== DATASET ==
(* Let $G=(V,E)$ be an acyclic finite directed graph, $\Gamma\subset V$ containing all sinks and sources with $V\setminus\Gamma\ne\emptyset$, and let $z=(z_v)_{v\in\Gamma}$ with each $z_v$ a positive multiple of $I_d$. Then at any critical point $x$ of $\Phi_d$ restricted to $\mathcal P_d^V(z)$ such that every $x_v$ ($v\in V$) is a positive multiple of $I_d$, the Hessian of this restricted function (with respect to the independent real variables $x_v(i,j)$, $v\in V\setminus\Gamma$, $1\le i\le j\le d$) is positive definite.
   Context: $v\to w$ denotes an edge; sinks have no outgoing edges, sources no incoming edges. $\mathcal P_d$: $d\times d$ real symmetric positive definite matrices. $\mathcal P_d^V(z)=\{x=(x_v)_{v\in V}\in\mathcal P_d^V:x_v=z_v\ \forall v\in\Gamma\}$. $\Phi_d(x)=\sum_{v\to w}\operatorname{tr}[x_vx_w^{-1}]$ for $x\in\mathcal P_d^V$. *)

From HB Require Import structures.
From mathcomp Require Import all_boot all_order all_algebra.
From mathcomp Require Import all_classical all_reals all_analysis.
Set Implicit Arguments. Unset Strict Implicit. Unset Printing Implicit Defensive.
Import Order.TTheory GRing.Theory Num.Theory.
Local Open Scope ring_scope.

Definition acyclic (V : finType) (e : rel V) : Prop :=
  forall v w : V, e v w -> ~~ connect e w v.

Definition is_sink (V : finType) (e : rel V) (v : V) : bool := [forall w, ~~ e v w].
Definition is_source (V : finType) (e : rel V) (v : V) : bool := [forall w, ~~ e w v].

Definition posdef (R : realType) (d : nat) (A : 'M[R]_d) : Prop :=
  A^T = A /\ forall u : 'rV[R]_d, u != 0 -> 0 < (u *m A *m u^T) 0 0.

Definition pos_scalar (R : realType) (d : nat) (A : 'M[R]_d) : Prop :=
  exists c : R, 0 < c /\ A = c%:M.

Definition Phi (R : realType) (d : nat) (V : finType) (e : rel V)
  (x : V -> 'M[R]_d) : R :=
  \sum_(v : V) \sum_(w : V | e v w) \tr (x v *m invmx (x w)).

(* coordinates: a real number for each (v, i, j); only those with
   v \notin Gamma and i <= j are used (the independent variables). *)
Definition coords (R : realType) (V : finType) (d : nat) :=
  V * 'I_d * 'I_d -> R.

Definition is_var (V : finType) (d : nat) (Gamma : {set V})
  (k : V * 'I_d * 'I_d) : bool :=
  (k.1.1 \notin Gamma) && (k.1.2 <= k.2)%N.

Definition symmat (R : realType) (V : finType) (d : nat)
  (Y : coords R V d) (v : V) : 'M[R]_d :=
  \matrix_(i, j) (if (i <= j)%N then Y (v, i, j) else Y (v, j, i)).

(* Phi_d restricted to P_d^V(z), as a function of the independent variables *)
Definition PhiRestr (R : realType) (d : nat) (V : finType) (e : rel V)
  (Gamma : {set V}) (z : V -> 'M[R]_d) (Y : coords R V d) : R :=
  Phi e (fun v => if v \in Gamma then z v else symmat Y v).

Definition shift (R : realType) (V : finType) (d : nat)
  (Y : coords R V d) (k : V * 'I_d * 'I_d) (t : R) : coords R V d :=
  fun l => Y l + (if l == k then t else 0).

Definition pderiv (R : realType) (V : finType) (d : nat)
  (k : V * 'I_d * 'I_d) (f : coords R V d -> R) : coords R V d -> R :=
  fun Y => derive1 (fun t : R => f (shift Y k t)) 0.

Definition hessian (R : realType) (V : finType) (d : nat)
  (f : coords R V d -> R) (Y : coords R V d) (k l : V * 'I_d * 'I_d) : R :=
  pderiv k (pderiv l f) Y.

Definition hessian_posdef (R : realType) (V : finType) (d : nat)
  (Gamma : {set V}) (f : coords R V d -> R) (Y : coords R V d) : Prop :=
  forall c : V * 'I_d * 'I_d -> R,
    (exists k, is_var Gamma k /\ c k != 0) ->
    0 < \sum_(k | is_var Gamma k) \sum_(l | is_var Gamma l)
          c k * hessian f Y k l * c l.

(* At a point where x_v = a_v I for all v, the Hessian quadratic form in a
   direction h (symmetric, vanishing on Gamma) is
     Q(h) = sum_{v -> w} 2 a_v a_w^-3 tr(h_w^2) - 2 a_w^-2 tr(h_v h_w).
   Criticality in the diagonal coordinates of an interior vertex u says
     sum_{u -> w} a_w^-1 = a_u^-2 sum_{v -> u} a_v,
   which lets the terms tr(h_u^2) be redistributed over the edges so that
     Q(h) = sum_{v -> w} (a_v / a_w) tr((h_w / a_w - h_v / a_v)^2) >= 0.
   If Q(h) = 0 then h_v / a_v is constant along edges; following edges from any
   vertex of an acyclic graph ends at a sink, which lies in Gamma where h = 0,
   hence h = 0. *)

From HB Require Import structures.
From mathcomp Require Import all_boot all_order all_algebra.
From mathcomp Require Import all_classical all_reals all_analysis.
From mathcomp Require Import ring.
Set Implicit Arguments. Unset Strict Implicit. Unset Printing Implicit Defensive.
Import Order.TTheory GRing.Theory Num.Theory.
Import numFieldNormedType.Exports.
Local Open Scope ring_scope.

Lemma invmx_cramer (R : comUnitRingType) n (A : 'M[R]_n) i j : A \in unitmx ->
  invmx A i j = (\det A)^-1 * \adj A i j.
Proof. by move=> Au; rewrite /invmx Au mxE. Qed.

Section MatrixCalculus.
Variable R : realType.
Implicit Types (x : R) (f g : R -> R).

Lemma is_derive_bigsum (I : Type) (r : seq I) (P : pred I) (h : I -> R -> R)
    (dh : I -> R) x :
  (forall i, P i -> is_derive x 1 (h i) (dh i)) ->
  is_derive x 1 (fun t => \sum_(i <- r | P i) h i t) (\sum_(i <- r | P i) dh i).
Proof.
move=> hdh; elim: r => [|i r IHr].
  by rewrite big_nil; under eq_fun do rewrite big_nil; exact: is_derive_cst.
rewrite big_cons; under eq_fun do rewrite big_cons.
case: (boolP (P i)) => Pi; last exact: IHr.
by have := is_deriveD (hdh i Pi) IHr.
Qed.

Lemma derivable_bigsum (I : Type) (r : seq I) (P : pred I) (h : I -> R -> R) x :
  (forall i, P i -> derivable (h i) x 1) ->
  derivable (fun t => \sum_(i <- r | P i) h i t) x 1.
Proof.
move=> hd; have hD i : P i -> is_derive x 1 (h i) ('D_1 (h i) x).
  by move=> /hd /derivableP.
by case: (is_derive_bigsum r hD).
Qed.

Lemma derivable_bigprod (I : Type) (r : seq I) (P : pred I) (h : I -> R -> R) x :
  (forall i, P i -> derivable (h i) x 1) ->
  derivable (fun t => \prod_(i <- r | P i) h i t) x 1.
Proof.
move=> hd; elim: r => [|i r IHr].
  by under eq_fun do rewrite big_nil; exact: derivable_cst.
under eq_fun do rewrite big_cons.
case: (boolP (P i)) => Pi; last exact: IHr.
exact: (derivableM (hd i Pi) IHr).
Qed.

Lemma derivable_neq0_near f x : derivable f x 1 -> f x != 0 ->
  \forall t \near x, f t != 0.
Proof.
by move=> /derivable1_diffP /differentiable_continuous fx fx0; exact: cvgr_neq0 fx fx0.
Qed.

Lemma derivable_det n (M : R -> 'M[R]_n) x :
  (forall i j, derivable (fun t => M t i j) x 1) -> derivable (fun t => \det (M t)) x 1.
Proof.
move=> dM; apply: derivable_bigsum => s _.
apply: (derivableM (derivable_cst _ _ _)).
exact: derivable_bigprod.
Qed.

Variable n : nat.
Implicit Types (M N : R -> 'M[R]_n) (A D E : 'M[R]_n).

Definition is_mxderive x M D := forall i j, is_derive x 1 (fun t => M t i j) (D i j).

Lemma is_mxderive_cst A x : is_mxderive x (fun=> A) 0.
Proof. by move=> i j; rewrite mxE; exact: is_derive_cst. Qed.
===
YOUR INSTRUCTIONS:
Wherever the word "rewrite" turns up in the records above, copy the line that holds it.

RESPONSE BELOW:
Proof. by move=> Au; rewrite /invmx Au mxE. Qed.
  by rewrite big_nil; under eq_fun do rewrite big_nil; exact: is_derive_cst.
rewrite big_cons; under eq_fun do rewrite big_cons.
  by under eq_fun do rewrite big_nil; exact: derivable_cst.
under eq_fun do rewrite big_cons.
Proof. by move=> i j; rewrite mxE; exact: is_derive_cst. Qed.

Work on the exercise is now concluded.